- WHAT YOU WILL DO: Whenever a line in the data holds the string "forallP", copy that line.

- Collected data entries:
....
(* Let $n,k,r$ be integers with $k,r\geq 2$, $k<r$ and $n\geq k+r$, and let $H$ be a vertex-$k$-maximal $r$-uniform hypergraph on $n$ vertices. Let $S$ be a minimum vertex-cut of $H$, $C_1$ a component of $H-S$, $C_2=H-(V(C_1)\cup S)$, $H_1=H[V(C_1)\cup S]$ and $H_2=H[V(C_2)\cup S]$. Then both $H_1$ and $H_2$ are vertex-$k$-maximal $r$-uniform hypergraphs.
   Context: A hypergraph $H=(V,E)$ consists of a finite vertex set $V$ and a set $E$ of non-empty subsets of $V$ (edges); it is $r$-uniform if all edges have exactly $r$ elements. The complement $H^c$ has as edges the $r$-subsets of $V$ not in $E$. A subhypergraph is $H'=(V',E')$ with $V'\subseteq V$, $E'\subseteq E$. $H+e=(V,E\cup\{e\})$ for $e\in E(H^c)$. For $Y\subseteq V$, $H[Y]$ is the induced hypergraph with vertex set $Y$ and edges $\{e\in E: e\subseteq Y\}$, and $H-Y=H[V\setminus Y]$. Connectedness and components are defined via paths (alternating sequences of distinct vertices and distinct edges with consecutive vertices in the intermediate edge). A vertex-cut is a set $X$ with $H-X$ disconnected. $\kappa(H)$ is the minimum size of a vertex-cut if one exists, and $|V(H)|-1$ otherwise. $\overline{\kappa}(H)=\max\{\kappa(H'): H'\subseteq H\}$. An $r$-uniform hypergraph $H$ is vertex-$k$-maximal if $\overline{\kappa}(H)\leq k$ but $\overline{\kappa}(H+e)\geq k+1$ for every $e\in E(H^c)$. *)

From mathcomp Require Import all_boot.
Set Implicit Arguments. Unset Strict Implicit. Unset Printing Implicit Defensive.

Record hypergraph (T : finType) := Hypergraph {
  hV : {set T};
  hE : {set {set T}} }.

Section Hyper.
Variable T : finType.
Implicit Types (H : hypergraph T) (X Y : {set T}).

Definition wf H := forall e, e \in hE H -> e \subset hV H /\ e != set0.

Definition uniform (r : nat) H := forall e, e \in hE H -> #|e| = r.

Definition compl_edge (r : nat) H (e : {set T}) :=
  [/\ e \subset hV H, #|e| = r & e \notin hE H].

Definition subhg (H' H : hypergraph T) :=
  [/\ hV H' \subset hV H, hE H' \subset hE H & wf H'].

Definition add_edge H (e : {set T}) := Hypergraph (hV H) (e |: hE H).

Definition induced H Y := Hypergraph Y [set e in hE H | e \subset Y].

Definition hdel H X := induced H (hV H :\: X).

Definition adj H : rel T := fun x y => [exists e in hE H, (x \in e) && (y \in e)].

Definition connected H := forall x y, x \in hV H -> y \in hV H -> connect (adj H) x y.

Definition comp_of H (x : T) := [set y in hV H | connect (adj H) x y].

Definition vcut H X := X \subset hV H /\ ~ connected (hdel H X).

Definition vcutb H X := (X \subset hV H) && ~~ [forall x in hV (hdel H X),
  forall y in hV (hdel H X), connect (adj (hdel H X)) x y].

Definition kappa H : nat :=
  if [exists X, vcutb H X] then \big[minn/#|hV H|]_(X | vcutb H X) #|X|
  else #|hV H|.-1.

Definition subhgb (H' H : hypergraph T) :=
  [&& hV H' \subset hV H, hE H' \subset hE H &
      [forall e in hE H', (e \subset hV H') && (e != set0)]].

Definition kappa_bar H : nat :=
  \max_(p : {set T} * {set {set T}} | subhgb (Hypergraph p.1 p.2) H)
     kappa (Hypergraph p.1 p.2).

Definition min_vcut H S := vcut H S /\ forall X, vcut H X -> #|S| <= #|X|.

Definition vertex_k_maximal (k r : nat) H :=
  [/\ wf H, uniform r H, kappa_bar H <= k &
      forall e, compl_edge r H e -> k.+1 <= kappa_bar (add_edge H e)].

End Hyper.

(* If S is a vertex cut with |S| <= k and A is a union of components of H - S, a
   non-edge e of H[A u S] is a non-edge of H, so H + e contains a subhypergraph H'
   with kappa(H') > k; H' must use e, hence a vertex of e outside S, which lies in A.
   If H' had a vertex outside A u S, then the part of S in H' would separate it from
   that vertex (edges of H' avoiding S stay inside A or outside it, e included), a cut
   of size at most |S| <= k.  So H' lives in H[A u S] + e, and H[A u S] is
   vertex-k-maximal as well; both H_1 and H_2 are of this form. *)
From mathcomp Require Import all_boot.
Set Implicit Arguments. Unset Strict Implicit. Unset Printing Implicit Defensive.

Section VertexMaximal.
Variable T : finType.
Implicit Types (H G : hypergraph T) (S A X Y e : {set T}).

Lemma geq_bigminn_cond (I : eqType) (s : seq I) (P : pred I) (F : I -> nat) x0 i :
  i \in s -> P i -> \big[minn/x0]_(j <- s | P j) F j <= F i.
Proof.
elim: s => //= j s IHs; rewrite in_cons big_cons => /orP[/eqP<- -> | si Pi].
  exact: geq_minl.
by case: ifP => _; [apply: leq_trans (geq_minr _ _) _|]; apply: IHs.
Qed.

Lemma vcutP G X : reflect (vcut G X) (vcutb G X).
Proof.
apply: (iffP andP) => [[XV nc] | [XV nc]]; split=> //.
  move=> c; case/negP: nc; apply/forallP=> y; apply/implyP=> yV.
  by apply/forallP=> z; apply/implyP=> zV; apply: c.
apply/negP=> /forallP c; apply: nc => y z yV zV.
by move/implyP: (c y) => /(_ yV) /forallP /(_ z) /implyP; apply.
Qed.

Lemma kappa_le_vcut G X : vcut G X -> kappa G <= #|X|.
Proof.
move/vcutP=> cutX; rewrite /kappa.
have ->: [exists X, vcutb G X] by apply/existsP; exists X.
by apply: geq_bigminn_cond; rewrite ?mem_index_enum.
Qed.

Lemma min_vcut_le_kappa H S : min_vcut H S -> #|S| <= kappa H.
Proof.
move=> [cutS minS]; rewrite /kappa.
have ->: [exists X, vcutb H X] by apply/existsP; exists S; apply/vcutP.
apply: (big_ind (fun m => #|S| <= m)) => [|m1 m2|X /vcutP].
- by case: cutS => SV _; apply: subset_leq_card.
- by rewrite leq_min => -> ->.
- exact: minS.
Qed.

Lemma subhgbW G1 G2 G3 : subhgb G1 G2 ->
  hV G1 \subset hV G3 -> hE G1 \subset hE G3 -> subhgb G1 G3.
Proof. by case/and3P=> _ _ wf1 V13 E13; apply/and3P. Qed.

Lemma kappa_le_kappa_bar_sub G H : subhgb G H -> kappa G <= kappa_bar H.
Proof.
case: G => V E subG.
exact: (@leq_bigmax_cond _ (fun p => subhgb (Hypergraph p.1 p.2) H)
          (fun p => kappa (Hypergraph p.1 p.2)) (V, E)).
Qed.

Lemma kappa_le_kappa_bar H : wf H -> kappa H <= kappa_bar H.
Proof.
move=> wfH; apply: kappa_le_kappa_bar_sub; apply/and3P; split=> //.
by apply/forallP=> e; apply/implyP=> /wfH[-> ->].
Qed.

Lemma kappa_bar_le_sub G H :
  hV G \subset hV H -> hE G \subset hE H -> kappa_bar G <= kappa_bar H.
Proof.
move=> VGH EGH; apply/bigmax_leqP => p subp; apply: kappa_le_kappa_bar_sub.
case/and3P: (subp) => /= VpG EpG _.
by apply: subhgbW subp _ _; [apply: subset_trans VGH | apply: subset_trans EGH].
Qed.

Lemma kappa_bar_gt_witness m H : m < kappa_bar H ->
  exists2 G, subhgb G H & m < kappa G.
Proof.
move=> lt_m; case: (pickP [pred p : {set T} * {set {set T}} |
    subhgb (Hypergraph p.1 p.2) H && (m < kappa (Hypergraph p.1 p.2))]).
  by move=> p /andP[subp lt_mp]; exists (Hypergraph p.1 p.2).
move=> none; move: lt_m; rewrite ltnNge => /negP[].
apply/bigmax_leqP => p subp; rewrite leqNgt; apply/negP => lt_mp.
by move: (none p); rewrite /= subp lt_mp.
Qed.

(* A is a union of vertex sets of components of H - S. *)
Definition comp_union H S A :=
  A \subset hV H :\: S /\
  forall f, f \in hE H -> [disjoint f & S] ->
    forall y z, y \in f -> z \in f -> y \in A -> z \in A.

Lemma comp_union_comp_of H S x : wf H -> comp_union H S (comp_of (hdel H S) x).
Proof.
move=> wfH; split; first by apply/subsetP=> y; rewrite inE => /andP[].
move=> f fH fS y z yf zf; rewrite !inE => /andP[yVS xy].
have fVS : f \subset hV H :\: S.
  apply/subsetP=> w wf; rewrite inE (disjointFr fS wf).
  by case: (wfH f fH) => /subsetP/(_ w wf).
rewrite -in_setD (subsetP fVS z zf); apply: connect_trans xy (connect1 _).
by apply/existsP; exists f; rewrite inE fH fVS yf zf.
Qed.

Lemma comp_union_compl H S A :
  wf H -> comp_union H S A -> comp_union H S (hV H :\: (A :|: S)).
Proof.
move=> wfH [AVS closedA]; split.
  by apply/subsetP=> y; rewrite !inE negb_or => /andP[/andP[_ ->] ->].
move=> f fH fS y z yf zf; rewrite !inE !negb_or => /andP[/andP[yA _] _].
rewrite (disjointFr fS zf) andbT; apply/andP; split.
  by apply: contra yA; apply: closedA fS z y zf yf.
by case: (wfH f fH) => /subsetP/(_ z zf).
Qed.

Lemma closed_adj_induced H S A e G Y :
  comp_union H S A -> e \subset A :|: S -> hE G \subset e |: hE H ->
  [disjoint Y & S] -> closed (adj (induced G Y)) A.
Proof.
move=> [_ closedA] eAS EG YS y z /existsP[f /andP[]].
rewrite inE => /andP[fG fY] /andP[yf zf].
have fS : [disjoint f & S] by exact: disjointWl fY YS.
case/setU1P: (subsetP EG f fG) => [fe | fH].
  have fA : f \subset A.
    apply/subsetP=> w wf; move/subsetP: eAS => /(_ w); rewrite -fe in_setU.
    by rewrite (disjointFr fS wf) orbF; apply.
  by rewrite (subsetP fA y yf) (subsetP fA z zf).
by apply/idP/idP; [apply: closedA fS y z yf zf | apply: closedA fS z y zf yf].
Qed.

Lemma subhg_add_edge_within H S A e G :
  comp_union H S A -> e \subset A :|: S -> ~~ (e \subset S) ->
  subhgb G (add_edge H e) -> e \in hE G -> #|S| < kappa G ->
  hV G \subset A :|: S.
Proof.
move=> AS eAS eS /and3P[_ EG /forallP wfG] eG lt_S.
have [u ue uS] := subsetPn eS.
have uA : u \in A by move/subsetP: eAS => /(_ u ue); rewrite inE (negbTE uS) orbF.
have uG : u \in hV G by case/andP: (implyP (wfG e) eG) => /subsetP/(_ u ue).
apply/subsetP=> v vG; rewrite inE; apply/negPn/negP; rewrite negb_or => /andP[vA vS].
suff /kappa_le_vcut le_kX : vcut G (S :&: hV G).
  by move: (leq_trans le_kX (subset_leq_card (subsetIl S (hV G)))); rewrite leqNgt lt_S.
split=> [|connG]; first exact: subsetIr.
have Y_S : [disjoint hV G :\: S :&: hV G & S].
  by rewrite disjoints_subset; apply/subsetP=> w; rewrite !inE; case: (w \in S); rewrite /= ?andNb.
have conn_uv : connect (adj (hdel G (S :&: hV G))) u v.
  by apply: connG; rewrite !inE ?(negbTE uS) ?(negbTE vS) ?uG ?vG.
by move: (closed_connect (closed_adj_induced AS eAS EG Y_S) conn_uv); rewrite uA (negbTE vA).
Qed.

Lemma vertex_k_maximal_induced k r H S A :
  vertex_k_maximal k r H -> #|S| <= k -> k < r -> S \subset hV H ->
  comp_union H S A -> vertex_k_maximal k r (induced H (A :|: S)).
Proof.
move=> [wfH unifH barH maxH] Sk kr SV AS.
have YV : A :|: S \subset hV H.
  by rewrite subUset SV andbT; case: AS => /subset_trans-> //; apply: subsetDl.
have EY : hE (induced H (A :|: S)) \subset hE H.
  by apply/subsetP=> f; rewrite inE => /andP[].
split.
- by move=> f; rewrite inE => /andP[/wfH[_ ->] ->].
- by move=> f; rewrite inE => /andP[/unifH].
- exact: leq_trans (@kappa_bar_le_sub (induced H (A :|: S)) H YV EY) barH.
move=> e [/= eY er eN].
have eH : e \notin hE H by apply: contra eN => eH; rewrite inE eH eY.
have [G subG lt_k] := kappa_bar_gt_witness (maxH e (And3 (subset_trans eY YV) er eH)).
have eG : e \in hE G.
  apply/negPn/negP=> eG; move: lt_k; rewrite ltnNge => /negP[].
  apply: leq_trans barH; apply: kappa_le_kappa_bar_sub.
  case/and3P: (subG) => VGH EG _; apply: (subhgbW subG); first exact: VGH.
  apply/subsetP=> f fG.
  by case/setU1P: (subsetP EG f fG) => // fe; rewrite -fe fG in eG.
have eS : ~~ (e \subset S).
  by apply: contraL kr => /subset_leq_card; rewrite er -leqNgt => /leq_trans; apply.
have VG := subhg_add_edge_within AS eY eS subG eG (leq_ltn_trans Sk lt_k).
apply: leq_trans lt_k _; apply: kappa_le_kappa_bar_sub.
apply: (subhgbW subG); first exact: VG.
case/and3P: subG => _ EG /forallP wfG; apply/subsetP=> f fG.
case/setU1P: (subsetP EG f fG) => [-> | fH]; first exact: setU11.
case/andP: (implyP (wfG f) fG) => fV _.
by rewrite !inE fH (subset_trans fV VG) orbT.
Qed.

End VertexMaximal.

Theorem mainTheorem8 (T : finType) (n k r : nat) (H : hypergraph T)
  (S : {set T}) (x : T) :
  2 <= k -> 2 <= r -> k < r -> k + r <= n ->
  #|hV H| = n ->
  vertex_k_maximal k r H ->
  min_vcut H S ->
  x \in hV (hdel H S) ->
  let VC1 := comp_of (hdel H S) x in
  let VC2 := hV (hdel H (VC1 :|: S)) in
  let H1 := induced H (VC1 :|: S) in
  let H2 := induced H (VC2 :|: S) in
  vertex_k_maximal k r H1 /\ vertex_k_maximal k r H2.
Proof.
move=> _ _ kr _ _ maxH minS _ VC1 VC2 H1 H2.
have [wfH _ barH _] := maxH.
have Sk : #|S| <= k.
  exact: leq_trans (min_vcut_le_kappa minS) (leq_trans (kappa_le_kappa_bar wfH) barH).
have SV : S \subset hV H by case: minS => [[]].
have VC1_S : comp_union H S VC1 by apply: comp_union_comp_of.
split; apply: vertex_k_maximal_induced maxH Sk kr SV _ => //.
exact: comp_union_compl.
Qed.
....
- WRITTEN RESPONSE:
  move=> c; case/negP: nc; apply/forallP=> y; apply/implyP=> yV.
  by apply/forallP=> z; apply/implyP=> zV; apply: c.
apply/negP=> /forallP c; apply: nc => y z yV zV.
by move/implyP: (c y) => /(_ yV) /forallP /(_ z) /implyP; apply.
by apply/forallP=> e; apply/implyP=> /wfH[-> ->].
move=> AS eAS eS /and3P[_ EG /forallP wfG] eG lt_S.
case/and3P: subG => _ EG /forallP wfG; apply/subsetP=> f fG.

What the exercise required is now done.